== TASK STATEMENT ==
Where a line in the listing contains the string "ProductMeasure", copy that line out.

== EXERCISE MATERIAL ==
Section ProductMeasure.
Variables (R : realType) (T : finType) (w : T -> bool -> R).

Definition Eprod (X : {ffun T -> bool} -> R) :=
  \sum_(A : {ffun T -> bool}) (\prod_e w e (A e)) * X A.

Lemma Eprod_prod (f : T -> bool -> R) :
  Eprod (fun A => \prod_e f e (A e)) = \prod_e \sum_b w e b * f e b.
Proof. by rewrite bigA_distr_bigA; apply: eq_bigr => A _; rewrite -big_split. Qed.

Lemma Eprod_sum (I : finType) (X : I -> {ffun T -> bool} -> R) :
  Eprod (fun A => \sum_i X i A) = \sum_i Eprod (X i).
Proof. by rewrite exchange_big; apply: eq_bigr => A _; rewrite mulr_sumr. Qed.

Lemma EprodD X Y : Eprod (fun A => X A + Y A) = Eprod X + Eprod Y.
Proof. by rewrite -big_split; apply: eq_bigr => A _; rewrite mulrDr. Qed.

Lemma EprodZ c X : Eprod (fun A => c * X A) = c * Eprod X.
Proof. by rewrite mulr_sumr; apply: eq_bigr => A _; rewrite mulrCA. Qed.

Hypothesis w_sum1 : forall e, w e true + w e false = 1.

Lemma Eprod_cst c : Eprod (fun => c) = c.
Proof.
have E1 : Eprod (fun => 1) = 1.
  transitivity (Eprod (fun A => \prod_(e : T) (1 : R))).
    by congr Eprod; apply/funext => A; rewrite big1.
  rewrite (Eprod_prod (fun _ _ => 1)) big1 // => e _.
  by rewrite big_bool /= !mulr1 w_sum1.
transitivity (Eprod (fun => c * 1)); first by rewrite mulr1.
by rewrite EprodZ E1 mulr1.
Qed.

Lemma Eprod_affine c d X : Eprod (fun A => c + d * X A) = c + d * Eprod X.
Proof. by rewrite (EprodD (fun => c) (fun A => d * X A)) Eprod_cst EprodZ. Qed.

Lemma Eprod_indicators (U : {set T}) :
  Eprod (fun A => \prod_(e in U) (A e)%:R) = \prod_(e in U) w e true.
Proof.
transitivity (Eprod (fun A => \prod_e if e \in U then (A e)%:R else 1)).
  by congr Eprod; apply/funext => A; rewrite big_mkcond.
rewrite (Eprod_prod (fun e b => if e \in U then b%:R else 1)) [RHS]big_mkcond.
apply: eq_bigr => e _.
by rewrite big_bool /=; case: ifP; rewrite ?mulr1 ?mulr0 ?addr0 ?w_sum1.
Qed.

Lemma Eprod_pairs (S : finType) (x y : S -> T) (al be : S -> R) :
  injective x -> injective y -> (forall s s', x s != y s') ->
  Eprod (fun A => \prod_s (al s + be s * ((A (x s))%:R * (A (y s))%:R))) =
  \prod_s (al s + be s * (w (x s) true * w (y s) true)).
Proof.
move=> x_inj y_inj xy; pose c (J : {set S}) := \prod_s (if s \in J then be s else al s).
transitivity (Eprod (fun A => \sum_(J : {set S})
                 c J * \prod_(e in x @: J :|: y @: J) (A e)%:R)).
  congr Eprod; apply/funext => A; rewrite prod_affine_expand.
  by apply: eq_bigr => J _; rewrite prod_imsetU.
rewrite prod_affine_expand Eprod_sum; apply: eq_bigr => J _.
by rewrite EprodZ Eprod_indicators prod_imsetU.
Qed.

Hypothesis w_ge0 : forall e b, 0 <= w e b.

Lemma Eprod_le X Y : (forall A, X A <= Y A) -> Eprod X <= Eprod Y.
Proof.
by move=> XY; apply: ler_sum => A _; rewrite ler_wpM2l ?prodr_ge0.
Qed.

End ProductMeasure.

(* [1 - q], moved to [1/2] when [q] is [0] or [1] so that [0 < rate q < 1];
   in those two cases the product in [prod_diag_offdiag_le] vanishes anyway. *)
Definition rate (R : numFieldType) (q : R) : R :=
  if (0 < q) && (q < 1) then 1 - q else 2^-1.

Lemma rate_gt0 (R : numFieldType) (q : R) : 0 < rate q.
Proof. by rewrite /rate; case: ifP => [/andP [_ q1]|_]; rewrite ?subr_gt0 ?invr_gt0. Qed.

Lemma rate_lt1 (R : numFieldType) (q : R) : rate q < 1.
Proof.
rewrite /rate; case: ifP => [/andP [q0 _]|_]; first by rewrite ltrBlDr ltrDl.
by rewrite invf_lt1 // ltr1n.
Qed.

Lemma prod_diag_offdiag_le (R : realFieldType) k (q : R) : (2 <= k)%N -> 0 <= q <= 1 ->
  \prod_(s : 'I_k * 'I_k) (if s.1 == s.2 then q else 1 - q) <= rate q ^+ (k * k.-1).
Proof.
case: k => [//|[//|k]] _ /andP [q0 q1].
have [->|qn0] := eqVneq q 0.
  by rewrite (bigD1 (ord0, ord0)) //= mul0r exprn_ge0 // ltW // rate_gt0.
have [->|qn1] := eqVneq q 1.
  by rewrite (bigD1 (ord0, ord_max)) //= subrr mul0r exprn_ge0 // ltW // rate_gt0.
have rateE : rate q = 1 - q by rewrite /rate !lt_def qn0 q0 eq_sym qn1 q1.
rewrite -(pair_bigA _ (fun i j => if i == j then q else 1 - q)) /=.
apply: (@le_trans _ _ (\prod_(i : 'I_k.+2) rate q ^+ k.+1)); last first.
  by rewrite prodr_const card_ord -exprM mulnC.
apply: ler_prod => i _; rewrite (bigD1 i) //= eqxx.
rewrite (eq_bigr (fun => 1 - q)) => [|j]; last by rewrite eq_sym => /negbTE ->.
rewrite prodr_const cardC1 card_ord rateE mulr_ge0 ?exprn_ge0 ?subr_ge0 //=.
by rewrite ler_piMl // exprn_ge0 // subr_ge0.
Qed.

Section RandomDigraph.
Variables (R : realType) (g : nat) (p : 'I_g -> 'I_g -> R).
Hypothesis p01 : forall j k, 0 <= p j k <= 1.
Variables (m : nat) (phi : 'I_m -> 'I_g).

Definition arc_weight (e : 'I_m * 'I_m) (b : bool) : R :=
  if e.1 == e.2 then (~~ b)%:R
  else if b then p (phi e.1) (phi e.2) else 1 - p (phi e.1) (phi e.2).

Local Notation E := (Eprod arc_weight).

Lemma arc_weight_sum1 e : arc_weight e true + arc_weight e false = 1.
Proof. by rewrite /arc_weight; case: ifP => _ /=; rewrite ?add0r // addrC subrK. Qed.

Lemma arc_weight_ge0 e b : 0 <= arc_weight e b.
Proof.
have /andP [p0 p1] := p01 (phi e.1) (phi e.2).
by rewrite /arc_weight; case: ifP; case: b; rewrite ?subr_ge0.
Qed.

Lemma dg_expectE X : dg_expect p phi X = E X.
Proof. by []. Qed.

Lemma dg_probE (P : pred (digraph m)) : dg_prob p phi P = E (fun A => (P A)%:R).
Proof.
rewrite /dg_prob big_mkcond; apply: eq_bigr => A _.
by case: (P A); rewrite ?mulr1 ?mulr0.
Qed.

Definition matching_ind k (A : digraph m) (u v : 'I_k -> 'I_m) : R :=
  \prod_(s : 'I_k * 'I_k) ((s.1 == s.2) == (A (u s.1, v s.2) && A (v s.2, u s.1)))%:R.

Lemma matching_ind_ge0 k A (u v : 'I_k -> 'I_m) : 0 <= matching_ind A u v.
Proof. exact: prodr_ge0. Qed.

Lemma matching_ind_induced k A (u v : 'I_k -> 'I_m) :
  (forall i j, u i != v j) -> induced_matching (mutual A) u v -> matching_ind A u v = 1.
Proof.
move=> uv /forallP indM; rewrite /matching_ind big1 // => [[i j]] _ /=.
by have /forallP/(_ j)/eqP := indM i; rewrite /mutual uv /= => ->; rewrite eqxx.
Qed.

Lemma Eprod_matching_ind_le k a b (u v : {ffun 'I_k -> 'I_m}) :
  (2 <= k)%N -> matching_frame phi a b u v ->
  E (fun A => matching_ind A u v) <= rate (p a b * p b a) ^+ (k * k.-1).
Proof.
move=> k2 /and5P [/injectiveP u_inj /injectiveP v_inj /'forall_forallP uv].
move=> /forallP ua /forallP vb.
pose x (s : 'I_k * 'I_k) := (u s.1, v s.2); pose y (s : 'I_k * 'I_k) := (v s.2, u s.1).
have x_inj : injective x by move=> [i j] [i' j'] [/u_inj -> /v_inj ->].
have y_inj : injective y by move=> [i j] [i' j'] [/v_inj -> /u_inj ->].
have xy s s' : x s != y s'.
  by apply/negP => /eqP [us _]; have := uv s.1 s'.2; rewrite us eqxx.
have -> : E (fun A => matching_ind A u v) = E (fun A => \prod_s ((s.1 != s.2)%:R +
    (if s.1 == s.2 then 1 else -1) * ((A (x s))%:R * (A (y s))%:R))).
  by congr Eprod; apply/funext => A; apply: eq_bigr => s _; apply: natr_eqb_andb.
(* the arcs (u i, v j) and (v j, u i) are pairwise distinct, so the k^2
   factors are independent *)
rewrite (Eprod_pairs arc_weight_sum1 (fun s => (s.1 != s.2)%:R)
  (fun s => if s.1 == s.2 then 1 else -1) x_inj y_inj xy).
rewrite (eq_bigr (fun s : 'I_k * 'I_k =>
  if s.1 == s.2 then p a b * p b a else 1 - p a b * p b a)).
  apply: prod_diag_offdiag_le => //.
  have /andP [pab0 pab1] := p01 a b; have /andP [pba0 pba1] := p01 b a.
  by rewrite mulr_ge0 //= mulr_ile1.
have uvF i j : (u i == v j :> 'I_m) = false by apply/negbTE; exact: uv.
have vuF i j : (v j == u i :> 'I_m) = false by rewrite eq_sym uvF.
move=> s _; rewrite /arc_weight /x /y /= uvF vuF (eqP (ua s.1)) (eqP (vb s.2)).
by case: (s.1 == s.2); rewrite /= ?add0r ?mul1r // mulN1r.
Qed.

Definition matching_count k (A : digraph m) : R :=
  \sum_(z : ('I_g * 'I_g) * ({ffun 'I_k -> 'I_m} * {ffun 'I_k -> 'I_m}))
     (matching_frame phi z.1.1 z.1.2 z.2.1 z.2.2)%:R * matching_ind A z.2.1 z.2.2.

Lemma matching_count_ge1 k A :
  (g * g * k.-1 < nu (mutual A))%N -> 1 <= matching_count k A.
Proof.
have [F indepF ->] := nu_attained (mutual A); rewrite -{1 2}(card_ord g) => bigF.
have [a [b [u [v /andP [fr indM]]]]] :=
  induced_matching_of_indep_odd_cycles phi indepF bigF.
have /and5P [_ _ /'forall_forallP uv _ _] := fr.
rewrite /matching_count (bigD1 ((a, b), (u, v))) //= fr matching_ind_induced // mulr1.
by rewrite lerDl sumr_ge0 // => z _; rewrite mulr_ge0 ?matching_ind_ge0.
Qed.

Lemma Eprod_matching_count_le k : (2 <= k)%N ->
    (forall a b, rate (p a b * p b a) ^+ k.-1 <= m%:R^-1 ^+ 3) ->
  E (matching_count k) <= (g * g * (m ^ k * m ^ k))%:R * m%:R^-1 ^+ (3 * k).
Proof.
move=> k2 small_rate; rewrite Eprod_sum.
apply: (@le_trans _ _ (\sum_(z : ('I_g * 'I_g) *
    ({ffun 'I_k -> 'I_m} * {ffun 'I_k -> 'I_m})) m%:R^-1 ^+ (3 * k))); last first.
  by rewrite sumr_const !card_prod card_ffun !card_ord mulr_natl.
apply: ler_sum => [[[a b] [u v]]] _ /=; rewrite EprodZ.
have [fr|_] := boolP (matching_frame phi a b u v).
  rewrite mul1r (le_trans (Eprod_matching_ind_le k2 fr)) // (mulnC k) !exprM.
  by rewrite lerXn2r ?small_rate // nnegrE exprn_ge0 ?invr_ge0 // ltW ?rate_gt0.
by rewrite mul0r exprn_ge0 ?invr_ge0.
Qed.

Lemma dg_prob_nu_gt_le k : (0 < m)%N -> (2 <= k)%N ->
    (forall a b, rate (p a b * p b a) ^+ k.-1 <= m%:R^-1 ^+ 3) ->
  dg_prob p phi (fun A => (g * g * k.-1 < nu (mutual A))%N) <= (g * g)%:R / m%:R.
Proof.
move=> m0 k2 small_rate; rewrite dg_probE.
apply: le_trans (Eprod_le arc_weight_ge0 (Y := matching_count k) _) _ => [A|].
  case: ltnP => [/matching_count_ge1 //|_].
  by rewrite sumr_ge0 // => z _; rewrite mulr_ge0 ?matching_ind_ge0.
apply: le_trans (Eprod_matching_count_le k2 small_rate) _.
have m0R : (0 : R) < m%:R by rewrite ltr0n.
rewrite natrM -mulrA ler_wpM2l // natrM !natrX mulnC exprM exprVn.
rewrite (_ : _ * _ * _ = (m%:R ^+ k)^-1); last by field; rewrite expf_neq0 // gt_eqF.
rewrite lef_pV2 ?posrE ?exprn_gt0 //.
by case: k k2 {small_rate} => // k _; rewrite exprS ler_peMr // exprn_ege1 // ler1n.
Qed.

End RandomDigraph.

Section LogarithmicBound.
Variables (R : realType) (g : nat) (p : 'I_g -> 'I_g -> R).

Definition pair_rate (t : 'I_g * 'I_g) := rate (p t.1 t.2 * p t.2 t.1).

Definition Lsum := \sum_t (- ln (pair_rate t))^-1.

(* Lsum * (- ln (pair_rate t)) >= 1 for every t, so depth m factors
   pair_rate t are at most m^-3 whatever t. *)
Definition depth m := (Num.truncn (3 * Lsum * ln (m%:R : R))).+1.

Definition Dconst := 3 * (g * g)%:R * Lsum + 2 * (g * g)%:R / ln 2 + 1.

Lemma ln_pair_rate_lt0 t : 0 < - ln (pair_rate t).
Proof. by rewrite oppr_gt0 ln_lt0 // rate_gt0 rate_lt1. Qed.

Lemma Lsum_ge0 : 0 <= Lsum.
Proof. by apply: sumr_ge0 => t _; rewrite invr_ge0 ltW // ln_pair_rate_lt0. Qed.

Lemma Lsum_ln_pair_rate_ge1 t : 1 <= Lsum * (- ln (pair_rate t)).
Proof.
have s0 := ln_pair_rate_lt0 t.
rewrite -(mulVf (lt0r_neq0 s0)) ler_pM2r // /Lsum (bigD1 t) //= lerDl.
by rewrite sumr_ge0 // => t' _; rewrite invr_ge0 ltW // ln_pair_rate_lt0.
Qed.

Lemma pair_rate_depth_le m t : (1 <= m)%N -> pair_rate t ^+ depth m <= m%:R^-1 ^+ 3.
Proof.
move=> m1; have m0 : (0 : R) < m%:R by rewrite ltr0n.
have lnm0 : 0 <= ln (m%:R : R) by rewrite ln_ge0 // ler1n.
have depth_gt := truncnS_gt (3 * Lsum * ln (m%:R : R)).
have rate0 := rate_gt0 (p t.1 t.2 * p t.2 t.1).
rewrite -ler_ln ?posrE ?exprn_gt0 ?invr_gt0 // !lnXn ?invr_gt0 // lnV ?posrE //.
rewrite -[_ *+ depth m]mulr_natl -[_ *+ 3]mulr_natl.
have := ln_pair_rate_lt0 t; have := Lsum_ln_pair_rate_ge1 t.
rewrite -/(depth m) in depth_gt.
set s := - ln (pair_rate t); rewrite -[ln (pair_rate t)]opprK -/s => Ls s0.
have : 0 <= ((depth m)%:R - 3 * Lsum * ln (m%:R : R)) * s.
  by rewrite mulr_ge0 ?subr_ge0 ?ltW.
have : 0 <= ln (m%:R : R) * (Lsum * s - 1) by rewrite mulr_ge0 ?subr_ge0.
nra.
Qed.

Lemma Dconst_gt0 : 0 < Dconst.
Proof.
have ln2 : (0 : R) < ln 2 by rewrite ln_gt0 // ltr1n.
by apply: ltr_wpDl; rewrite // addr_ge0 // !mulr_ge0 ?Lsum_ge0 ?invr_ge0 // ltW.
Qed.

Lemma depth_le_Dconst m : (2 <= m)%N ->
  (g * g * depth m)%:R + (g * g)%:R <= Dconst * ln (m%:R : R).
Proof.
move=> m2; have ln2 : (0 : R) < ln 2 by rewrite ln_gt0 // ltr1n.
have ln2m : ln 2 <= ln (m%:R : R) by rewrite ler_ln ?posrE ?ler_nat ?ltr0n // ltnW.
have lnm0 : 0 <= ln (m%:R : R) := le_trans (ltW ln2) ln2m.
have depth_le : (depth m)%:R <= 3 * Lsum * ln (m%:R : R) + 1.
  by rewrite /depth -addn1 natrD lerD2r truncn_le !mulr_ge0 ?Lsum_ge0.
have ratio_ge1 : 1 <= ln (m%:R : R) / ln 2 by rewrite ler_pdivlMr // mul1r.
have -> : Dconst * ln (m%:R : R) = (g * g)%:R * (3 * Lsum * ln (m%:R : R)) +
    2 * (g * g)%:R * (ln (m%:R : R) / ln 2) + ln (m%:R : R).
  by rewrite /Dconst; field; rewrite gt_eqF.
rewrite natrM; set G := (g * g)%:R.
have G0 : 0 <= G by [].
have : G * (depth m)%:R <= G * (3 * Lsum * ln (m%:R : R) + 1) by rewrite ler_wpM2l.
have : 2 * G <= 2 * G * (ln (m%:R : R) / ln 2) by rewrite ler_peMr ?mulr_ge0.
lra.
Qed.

== OUTPUT ==
Section ProductMeasure.
End ProductMeasure.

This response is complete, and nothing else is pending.